[Stored data]
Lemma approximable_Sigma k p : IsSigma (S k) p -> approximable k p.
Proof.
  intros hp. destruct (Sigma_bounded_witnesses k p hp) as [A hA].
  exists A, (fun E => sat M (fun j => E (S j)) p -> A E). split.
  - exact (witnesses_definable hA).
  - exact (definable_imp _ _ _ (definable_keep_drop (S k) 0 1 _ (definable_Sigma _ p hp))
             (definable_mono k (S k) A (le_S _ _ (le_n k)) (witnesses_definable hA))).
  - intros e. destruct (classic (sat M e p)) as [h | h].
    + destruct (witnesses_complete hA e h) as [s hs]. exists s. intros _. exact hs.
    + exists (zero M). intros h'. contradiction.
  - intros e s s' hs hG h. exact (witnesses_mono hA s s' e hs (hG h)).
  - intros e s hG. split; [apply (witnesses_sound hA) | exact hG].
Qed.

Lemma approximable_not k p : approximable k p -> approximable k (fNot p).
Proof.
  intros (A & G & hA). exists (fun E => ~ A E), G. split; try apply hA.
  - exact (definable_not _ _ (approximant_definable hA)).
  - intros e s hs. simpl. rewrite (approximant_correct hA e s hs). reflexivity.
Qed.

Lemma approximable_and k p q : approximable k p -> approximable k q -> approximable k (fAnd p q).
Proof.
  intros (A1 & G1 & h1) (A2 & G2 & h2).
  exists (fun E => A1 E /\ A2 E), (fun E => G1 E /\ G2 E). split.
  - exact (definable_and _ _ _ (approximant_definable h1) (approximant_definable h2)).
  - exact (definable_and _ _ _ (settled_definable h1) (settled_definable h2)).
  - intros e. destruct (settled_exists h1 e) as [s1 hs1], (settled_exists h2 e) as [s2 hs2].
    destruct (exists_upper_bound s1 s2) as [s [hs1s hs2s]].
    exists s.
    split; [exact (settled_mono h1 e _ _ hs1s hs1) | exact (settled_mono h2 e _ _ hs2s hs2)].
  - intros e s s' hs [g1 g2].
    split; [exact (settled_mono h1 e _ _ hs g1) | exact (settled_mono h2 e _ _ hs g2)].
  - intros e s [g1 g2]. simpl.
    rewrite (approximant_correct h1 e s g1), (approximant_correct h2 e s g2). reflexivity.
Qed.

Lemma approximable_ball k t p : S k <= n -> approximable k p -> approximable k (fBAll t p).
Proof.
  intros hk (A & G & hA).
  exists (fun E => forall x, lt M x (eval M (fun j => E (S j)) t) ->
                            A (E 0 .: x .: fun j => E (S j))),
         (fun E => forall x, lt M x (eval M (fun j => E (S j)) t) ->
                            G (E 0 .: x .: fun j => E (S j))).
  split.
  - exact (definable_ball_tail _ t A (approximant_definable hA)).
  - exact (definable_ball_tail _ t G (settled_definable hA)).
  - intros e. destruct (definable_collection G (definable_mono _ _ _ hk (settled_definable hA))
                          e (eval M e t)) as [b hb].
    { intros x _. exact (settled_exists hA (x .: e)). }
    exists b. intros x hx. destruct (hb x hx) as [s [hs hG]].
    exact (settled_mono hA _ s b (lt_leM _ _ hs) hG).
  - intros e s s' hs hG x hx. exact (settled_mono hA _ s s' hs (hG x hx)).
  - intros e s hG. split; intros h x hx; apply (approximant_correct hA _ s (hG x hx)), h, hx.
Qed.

==

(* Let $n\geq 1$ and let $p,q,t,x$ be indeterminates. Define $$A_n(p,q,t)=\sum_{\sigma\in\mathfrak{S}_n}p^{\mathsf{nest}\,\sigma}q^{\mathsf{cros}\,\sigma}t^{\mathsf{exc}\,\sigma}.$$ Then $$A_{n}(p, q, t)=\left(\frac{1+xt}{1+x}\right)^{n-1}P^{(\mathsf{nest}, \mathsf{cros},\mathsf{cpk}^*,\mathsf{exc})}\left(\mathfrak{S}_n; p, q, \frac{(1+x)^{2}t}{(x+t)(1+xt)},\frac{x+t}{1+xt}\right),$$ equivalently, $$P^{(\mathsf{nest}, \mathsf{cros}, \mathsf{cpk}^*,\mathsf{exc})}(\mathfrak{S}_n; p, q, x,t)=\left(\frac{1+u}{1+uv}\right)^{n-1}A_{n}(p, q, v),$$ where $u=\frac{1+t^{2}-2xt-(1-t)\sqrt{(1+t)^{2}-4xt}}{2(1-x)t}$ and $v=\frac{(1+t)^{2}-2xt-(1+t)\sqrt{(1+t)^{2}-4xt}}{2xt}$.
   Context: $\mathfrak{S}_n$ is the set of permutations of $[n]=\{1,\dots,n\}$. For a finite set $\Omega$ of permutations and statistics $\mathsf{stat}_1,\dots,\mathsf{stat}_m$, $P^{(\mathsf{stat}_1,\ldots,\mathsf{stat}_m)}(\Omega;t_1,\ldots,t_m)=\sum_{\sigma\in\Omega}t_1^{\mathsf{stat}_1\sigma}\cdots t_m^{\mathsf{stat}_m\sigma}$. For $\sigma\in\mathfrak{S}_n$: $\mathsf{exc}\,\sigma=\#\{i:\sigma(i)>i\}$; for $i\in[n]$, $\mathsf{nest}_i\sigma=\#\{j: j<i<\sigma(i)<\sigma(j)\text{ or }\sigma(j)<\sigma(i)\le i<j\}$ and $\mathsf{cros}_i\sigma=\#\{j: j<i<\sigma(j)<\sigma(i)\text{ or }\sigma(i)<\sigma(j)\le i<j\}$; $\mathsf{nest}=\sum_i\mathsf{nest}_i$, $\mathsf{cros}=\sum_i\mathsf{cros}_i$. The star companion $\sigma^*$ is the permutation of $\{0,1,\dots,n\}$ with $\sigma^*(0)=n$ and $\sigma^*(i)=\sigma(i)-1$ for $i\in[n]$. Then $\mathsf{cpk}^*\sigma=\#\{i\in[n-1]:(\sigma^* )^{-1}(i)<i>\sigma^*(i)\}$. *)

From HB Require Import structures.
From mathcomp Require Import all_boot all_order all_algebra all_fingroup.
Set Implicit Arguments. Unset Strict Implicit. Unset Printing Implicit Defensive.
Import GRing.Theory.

**WORK REQUIRED**
Please find each line in the records above that holds the word "destruct", and copy it.

**EXERCISE ANSWER**
  intros hp. destruct (Sigma_bounded_witnesses k p hp) as [A hA].
  - intros e. destruct (classic (sat M e p)) as [h | h].
    + destruct (witnesses_complete hA e h) as [s hs]. exists s. intros _. exact hs.
  - intros e. destruct (settled_exists h1 e) as [s1 hs1], (settled_exists h2 e) as [s2 hs2].
    destruct (exists_upper_bound s1 s2) as [s [hs1s hs2s]].
  - intros e. destruct (definable_collection G (definable_mono _ _ _ hk (settled_definable hA))
    exists b. intros x hx. destruct (hb x hx) as [s [hs hG]].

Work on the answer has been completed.